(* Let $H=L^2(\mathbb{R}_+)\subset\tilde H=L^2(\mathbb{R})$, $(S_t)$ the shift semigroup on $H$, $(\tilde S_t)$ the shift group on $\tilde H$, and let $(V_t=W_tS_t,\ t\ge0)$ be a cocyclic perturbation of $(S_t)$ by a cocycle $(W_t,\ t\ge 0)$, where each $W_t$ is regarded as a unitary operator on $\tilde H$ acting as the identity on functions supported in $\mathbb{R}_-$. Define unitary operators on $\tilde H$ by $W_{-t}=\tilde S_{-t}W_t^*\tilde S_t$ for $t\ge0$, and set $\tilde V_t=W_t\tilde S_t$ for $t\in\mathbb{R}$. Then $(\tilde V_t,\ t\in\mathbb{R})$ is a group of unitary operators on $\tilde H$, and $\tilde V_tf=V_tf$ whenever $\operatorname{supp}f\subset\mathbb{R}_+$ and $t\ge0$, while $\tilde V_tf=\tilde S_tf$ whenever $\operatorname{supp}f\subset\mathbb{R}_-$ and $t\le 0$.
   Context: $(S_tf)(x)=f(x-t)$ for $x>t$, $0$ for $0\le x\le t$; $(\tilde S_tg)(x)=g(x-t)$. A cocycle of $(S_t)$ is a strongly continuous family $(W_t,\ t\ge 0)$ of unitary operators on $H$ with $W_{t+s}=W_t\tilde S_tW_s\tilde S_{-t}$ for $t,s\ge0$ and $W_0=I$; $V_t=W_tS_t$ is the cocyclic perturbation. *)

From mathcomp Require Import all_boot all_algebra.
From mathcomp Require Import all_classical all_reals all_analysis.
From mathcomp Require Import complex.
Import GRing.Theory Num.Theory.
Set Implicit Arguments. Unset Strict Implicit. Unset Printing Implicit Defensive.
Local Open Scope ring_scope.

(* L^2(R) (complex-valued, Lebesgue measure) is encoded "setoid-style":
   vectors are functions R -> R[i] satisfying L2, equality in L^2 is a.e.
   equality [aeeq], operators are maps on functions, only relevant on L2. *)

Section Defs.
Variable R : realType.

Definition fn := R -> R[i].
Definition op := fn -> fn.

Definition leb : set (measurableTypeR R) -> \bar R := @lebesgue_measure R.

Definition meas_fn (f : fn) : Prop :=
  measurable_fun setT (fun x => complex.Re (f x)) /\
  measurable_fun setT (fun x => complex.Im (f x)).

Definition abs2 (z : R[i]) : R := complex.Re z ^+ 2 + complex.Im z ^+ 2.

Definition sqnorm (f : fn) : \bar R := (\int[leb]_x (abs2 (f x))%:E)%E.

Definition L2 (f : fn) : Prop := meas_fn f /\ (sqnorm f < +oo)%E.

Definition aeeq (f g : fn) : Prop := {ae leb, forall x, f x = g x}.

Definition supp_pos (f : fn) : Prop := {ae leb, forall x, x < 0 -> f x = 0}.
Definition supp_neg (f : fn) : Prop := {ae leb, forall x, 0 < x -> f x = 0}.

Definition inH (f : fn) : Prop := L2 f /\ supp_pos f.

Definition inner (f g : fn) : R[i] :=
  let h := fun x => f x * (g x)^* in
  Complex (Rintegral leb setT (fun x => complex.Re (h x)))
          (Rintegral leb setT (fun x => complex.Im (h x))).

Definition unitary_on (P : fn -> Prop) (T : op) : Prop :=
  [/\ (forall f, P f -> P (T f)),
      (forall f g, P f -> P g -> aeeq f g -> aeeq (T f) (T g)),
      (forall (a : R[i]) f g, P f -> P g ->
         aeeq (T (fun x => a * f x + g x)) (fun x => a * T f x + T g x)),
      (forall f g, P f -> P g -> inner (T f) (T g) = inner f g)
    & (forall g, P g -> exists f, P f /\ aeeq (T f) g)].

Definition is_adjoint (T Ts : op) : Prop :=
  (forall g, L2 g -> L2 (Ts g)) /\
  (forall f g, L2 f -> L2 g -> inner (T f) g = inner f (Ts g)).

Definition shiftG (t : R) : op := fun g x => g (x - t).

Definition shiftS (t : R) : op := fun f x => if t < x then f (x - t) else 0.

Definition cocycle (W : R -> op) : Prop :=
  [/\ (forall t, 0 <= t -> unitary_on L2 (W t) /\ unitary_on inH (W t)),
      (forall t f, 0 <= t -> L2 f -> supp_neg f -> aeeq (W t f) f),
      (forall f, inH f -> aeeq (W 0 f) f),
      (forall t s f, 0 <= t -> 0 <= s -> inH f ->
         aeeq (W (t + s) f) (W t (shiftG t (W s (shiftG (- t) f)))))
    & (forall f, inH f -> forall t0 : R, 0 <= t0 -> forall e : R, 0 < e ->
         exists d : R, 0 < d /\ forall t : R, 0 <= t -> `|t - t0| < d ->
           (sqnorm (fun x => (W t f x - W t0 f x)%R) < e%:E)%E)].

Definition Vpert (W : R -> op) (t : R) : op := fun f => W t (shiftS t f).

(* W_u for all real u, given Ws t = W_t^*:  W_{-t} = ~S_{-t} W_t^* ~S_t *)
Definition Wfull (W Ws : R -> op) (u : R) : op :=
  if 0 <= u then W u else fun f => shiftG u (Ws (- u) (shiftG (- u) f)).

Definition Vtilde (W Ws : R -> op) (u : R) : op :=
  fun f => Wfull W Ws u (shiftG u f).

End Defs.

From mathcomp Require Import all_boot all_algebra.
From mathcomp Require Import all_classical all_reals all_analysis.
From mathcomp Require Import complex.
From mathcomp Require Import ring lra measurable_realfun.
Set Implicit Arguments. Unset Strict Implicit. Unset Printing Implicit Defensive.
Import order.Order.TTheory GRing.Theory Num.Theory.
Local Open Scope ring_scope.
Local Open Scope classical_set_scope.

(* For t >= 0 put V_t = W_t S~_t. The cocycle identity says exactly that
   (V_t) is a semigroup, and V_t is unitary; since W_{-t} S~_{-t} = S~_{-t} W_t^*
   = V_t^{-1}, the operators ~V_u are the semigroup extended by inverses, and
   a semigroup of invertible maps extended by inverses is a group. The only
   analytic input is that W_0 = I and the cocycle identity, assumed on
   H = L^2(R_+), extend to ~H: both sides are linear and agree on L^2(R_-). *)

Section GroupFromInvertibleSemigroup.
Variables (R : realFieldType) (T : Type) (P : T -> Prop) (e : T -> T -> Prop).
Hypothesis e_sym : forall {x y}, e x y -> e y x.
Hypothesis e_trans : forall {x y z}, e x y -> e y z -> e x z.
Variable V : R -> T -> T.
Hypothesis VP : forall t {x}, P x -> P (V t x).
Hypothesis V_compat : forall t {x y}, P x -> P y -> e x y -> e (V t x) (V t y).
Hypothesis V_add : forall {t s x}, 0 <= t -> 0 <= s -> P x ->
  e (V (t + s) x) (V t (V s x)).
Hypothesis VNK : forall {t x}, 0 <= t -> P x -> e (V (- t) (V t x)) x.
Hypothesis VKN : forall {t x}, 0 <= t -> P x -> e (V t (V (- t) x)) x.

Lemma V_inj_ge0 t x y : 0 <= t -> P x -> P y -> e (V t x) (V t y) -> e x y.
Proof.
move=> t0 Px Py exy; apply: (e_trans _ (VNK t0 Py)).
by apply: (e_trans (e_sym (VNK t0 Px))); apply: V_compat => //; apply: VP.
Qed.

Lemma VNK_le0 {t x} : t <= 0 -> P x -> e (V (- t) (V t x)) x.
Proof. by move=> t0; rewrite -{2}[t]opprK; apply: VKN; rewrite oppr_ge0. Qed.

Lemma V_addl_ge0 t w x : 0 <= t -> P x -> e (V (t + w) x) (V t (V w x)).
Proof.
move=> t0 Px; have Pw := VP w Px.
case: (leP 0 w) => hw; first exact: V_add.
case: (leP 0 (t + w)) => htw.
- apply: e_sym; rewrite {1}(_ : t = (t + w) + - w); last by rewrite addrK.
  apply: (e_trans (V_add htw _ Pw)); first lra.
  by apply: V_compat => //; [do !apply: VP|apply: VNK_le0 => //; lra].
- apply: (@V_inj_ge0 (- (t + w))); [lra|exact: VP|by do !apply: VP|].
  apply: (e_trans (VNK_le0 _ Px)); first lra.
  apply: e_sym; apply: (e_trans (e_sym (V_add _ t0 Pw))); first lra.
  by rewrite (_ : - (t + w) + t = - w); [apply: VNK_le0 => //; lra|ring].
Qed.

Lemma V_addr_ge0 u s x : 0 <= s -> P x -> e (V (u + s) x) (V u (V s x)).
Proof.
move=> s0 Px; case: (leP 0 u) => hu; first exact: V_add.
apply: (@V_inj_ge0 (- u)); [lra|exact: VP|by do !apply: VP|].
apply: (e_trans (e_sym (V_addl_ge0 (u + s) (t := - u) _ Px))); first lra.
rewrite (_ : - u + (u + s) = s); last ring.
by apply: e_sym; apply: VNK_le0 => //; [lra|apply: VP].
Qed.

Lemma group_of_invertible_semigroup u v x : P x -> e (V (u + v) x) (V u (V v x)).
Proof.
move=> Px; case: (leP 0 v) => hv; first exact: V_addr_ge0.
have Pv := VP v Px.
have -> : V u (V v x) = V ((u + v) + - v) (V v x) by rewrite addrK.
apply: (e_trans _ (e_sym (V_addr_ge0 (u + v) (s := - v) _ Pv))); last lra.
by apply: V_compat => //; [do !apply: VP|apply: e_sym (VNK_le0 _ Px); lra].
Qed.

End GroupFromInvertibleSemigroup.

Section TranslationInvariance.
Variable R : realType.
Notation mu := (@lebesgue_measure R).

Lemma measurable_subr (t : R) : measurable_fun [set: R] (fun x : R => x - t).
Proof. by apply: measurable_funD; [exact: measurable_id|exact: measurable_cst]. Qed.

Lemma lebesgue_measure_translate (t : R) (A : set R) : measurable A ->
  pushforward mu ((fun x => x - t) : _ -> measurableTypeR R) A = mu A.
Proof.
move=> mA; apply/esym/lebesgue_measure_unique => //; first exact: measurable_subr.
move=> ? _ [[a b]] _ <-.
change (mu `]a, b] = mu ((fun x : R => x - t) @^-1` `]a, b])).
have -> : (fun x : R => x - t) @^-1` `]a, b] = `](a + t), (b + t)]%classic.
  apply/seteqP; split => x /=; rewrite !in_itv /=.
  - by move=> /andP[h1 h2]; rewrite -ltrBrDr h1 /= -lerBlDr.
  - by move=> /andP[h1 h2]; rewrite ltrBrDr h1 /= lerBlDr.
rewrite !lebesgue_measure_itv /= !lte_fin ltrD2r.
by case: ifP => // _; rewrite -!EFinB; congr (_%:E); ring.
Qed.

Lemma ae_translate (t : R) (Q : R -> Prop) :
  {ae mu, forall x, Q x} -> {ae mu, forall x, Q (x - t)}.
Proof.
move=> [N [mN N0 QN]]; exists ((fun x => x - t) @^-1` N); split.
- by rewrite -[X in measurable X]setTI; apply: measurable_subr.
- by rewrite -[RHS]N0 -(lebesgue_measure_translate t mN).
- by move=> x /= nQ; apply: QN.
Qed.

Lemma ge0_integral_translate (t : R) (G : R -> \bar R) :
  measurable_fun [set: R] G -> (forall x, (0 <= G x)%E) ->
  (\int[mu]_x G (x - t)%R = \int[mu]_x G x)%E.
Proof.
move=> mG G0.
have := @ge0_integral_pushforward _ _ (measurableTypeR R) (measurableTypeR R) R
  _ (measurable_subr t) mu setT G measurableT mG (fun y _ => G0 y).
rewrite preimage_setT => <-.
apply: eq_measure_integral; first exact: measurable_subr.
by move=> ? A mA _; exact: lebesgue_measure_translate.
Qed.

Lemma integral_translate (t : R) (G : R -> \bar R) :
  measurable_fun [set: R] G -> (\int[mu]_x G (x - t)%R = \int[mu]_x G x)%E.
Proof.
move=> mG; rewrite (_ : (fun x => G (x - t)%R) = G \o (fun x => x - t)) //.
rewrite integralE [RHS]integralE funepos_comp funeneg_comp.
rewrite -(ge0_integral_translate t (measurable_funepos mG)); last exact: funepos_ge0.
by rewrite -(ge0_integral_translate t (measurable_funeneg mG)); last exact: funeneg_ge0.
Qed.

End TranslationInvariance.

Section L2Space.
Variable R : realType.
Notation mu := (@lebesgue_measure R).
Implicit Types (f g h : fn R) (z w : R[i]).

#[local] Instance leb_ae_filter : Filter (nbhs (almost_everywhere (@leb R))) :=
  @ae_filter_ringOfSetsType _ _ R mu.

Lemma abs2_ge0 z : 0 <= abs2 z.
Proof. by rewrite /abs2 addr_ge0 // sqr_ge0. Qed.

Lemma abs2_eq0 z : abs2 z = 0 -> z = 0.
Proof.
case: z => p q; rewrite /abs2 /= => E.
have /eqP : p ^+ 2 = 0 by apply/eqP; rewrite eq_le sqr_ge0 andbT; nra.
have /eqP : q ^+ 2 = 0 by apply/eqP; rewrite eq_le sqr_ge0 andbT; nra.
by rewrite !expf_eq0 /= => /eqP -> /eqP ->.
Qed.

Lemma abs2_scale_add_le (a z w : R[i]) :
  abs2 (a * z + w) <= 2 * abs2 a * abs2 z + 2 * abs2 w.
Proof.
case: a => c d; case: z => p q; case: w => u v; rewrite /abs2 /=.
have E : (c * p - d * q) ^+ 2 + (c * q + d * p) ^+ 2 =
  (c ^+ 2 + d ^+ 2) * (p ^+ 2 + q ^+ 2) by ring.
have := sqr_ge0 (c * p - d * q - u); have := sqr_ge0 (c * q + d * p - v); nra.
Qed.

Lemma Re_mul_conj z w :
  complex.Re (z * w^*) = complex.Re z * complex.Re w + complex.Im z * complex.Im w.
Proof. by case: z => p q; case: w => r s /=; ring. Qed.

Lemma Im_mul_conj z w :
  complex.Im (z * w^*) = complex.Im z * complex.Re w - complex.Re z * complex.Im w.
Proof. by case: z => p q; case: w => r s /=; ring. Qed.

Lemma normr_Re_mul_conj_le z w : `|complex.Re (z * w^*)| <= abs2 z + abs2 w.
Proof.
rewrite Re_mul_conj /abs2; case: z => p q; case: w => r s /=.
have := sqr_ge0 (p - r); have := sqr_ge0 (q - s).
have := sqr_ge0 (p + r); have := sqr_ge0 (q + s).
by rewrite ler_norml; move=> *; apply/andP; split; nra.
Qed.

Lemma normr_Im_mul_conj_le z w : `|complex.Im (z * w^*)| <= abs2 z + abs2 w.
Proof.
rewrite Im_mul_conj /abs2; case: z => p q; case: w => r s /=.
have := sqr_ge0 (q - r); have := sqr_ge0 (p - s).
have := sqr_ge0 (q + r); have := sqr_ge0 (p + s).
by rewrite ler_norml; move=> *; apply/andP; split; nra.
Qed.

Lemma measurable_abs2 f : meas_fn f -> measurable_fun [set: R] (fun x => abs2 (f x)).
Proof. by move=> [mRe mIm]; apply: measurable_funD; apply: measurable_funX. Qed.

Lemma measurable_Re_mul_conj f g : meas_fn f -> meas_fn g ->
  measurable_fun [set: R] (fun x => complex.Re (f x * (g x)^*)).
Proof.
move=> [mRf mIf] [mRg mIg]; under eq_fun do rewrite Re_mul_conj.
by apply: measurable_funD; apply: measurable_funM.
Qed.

◇ ◇ ◇ ◇ ◇

• _Instructions for the task_:
Show every line from the entries above in which the word "else" appears.

• _Answer to this problem_:
Definition shiftS (t : R) : op := fun f x => if t < x then f (x - t) else 0.
  if 0 <= u then W u else fun f => shiftG u (Ws (- u) (shiftG (- u) f)).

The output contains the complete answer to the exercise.